(* Let $\mathcal{X}$ be finite, $\mathcal{C}\subseteq\{\pm1\}^{\mathcal{X}}$ a concept class with concept matrix $W\in\mathbb{R}^{\mathcal{C}\times\mathcal{X}}$ and difference matrix $D\in\mathbb{R}^{\mathcal{C}^2\times\mathcal{X}}$, and let $\alpha\ge0$. Then $\gamma_2(D,\alpha)\le\gamma_2(W,\alpha)$. Conversely, $\gamma_2(W,\alpha)\le 2\gamma_2(D,\alpha/2)+1$, and if $\mathcal{C}$ is closed under negation (i.e. $c\in\mathcal{C}\Rightarrow -c\in\mathcal{C}$) then $\gamma_2(W,\alpha)\le\gamma_2(D,\alpha)$.
   Context: The concept matrix $W$ has entries $w_{c,x}=c(x)$. The difference matrix $D$ has rows indexed by ordered pairs $(c,c')\in\mathcal{C}^2$ and entries $d_{(c,c'),x}=\frac12(c(x)-c'(x))\in\{-1,0,1\}$. $\gamma_2(M)=\min\{\|R\|_{2\to\infty}\|A\|_{1\to2}:RA=M\}$, where $\|\cdot\|_{2\to\infty}$ is the maximum Euclidean row norm and $\|\cdot\|_{1\to2}$ the maximum Euclidean column norm; $\gamma_2(M,\alpha)=\min\{\gamma_2(\widetilde M):\max_{i,j}|\widetilde m_{ij}-m_{ij}|\le\alpha\}$. *)

From HB Require Import structures.
From mathcomp Require Import all_boot all_order all_algebra.
From mathcomp Require Import boolp classical_sets reals.
Set Implicit Arguments. Unset Strict Implicit. Unset Printing Implicit Defensive.
Import Order.TTheory GRing.Theory Num.Theory.
Local Open Scope ring_scope.
Local Open Scope classical_set_scope.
◆ ◆ ◆
■ Problem requirements
Starting at the line with "From mathcomp Require Import all_boot", retype each line through the final one in the data above, unchanged and with nothing added.

■ Finished task
From mathcomp Require Import all_boot all_order all_algebra.
From mathcomp Require Import boolp classical_sets reals.
Set Implicit Arguments. Unset Strict Implicit. Unset Printing Implicit Defensive.
Import Order.TTheory GRing.Theory Num.Theory.
Local Open Scope ring_scope.
Local Open Scope classical_set_scope.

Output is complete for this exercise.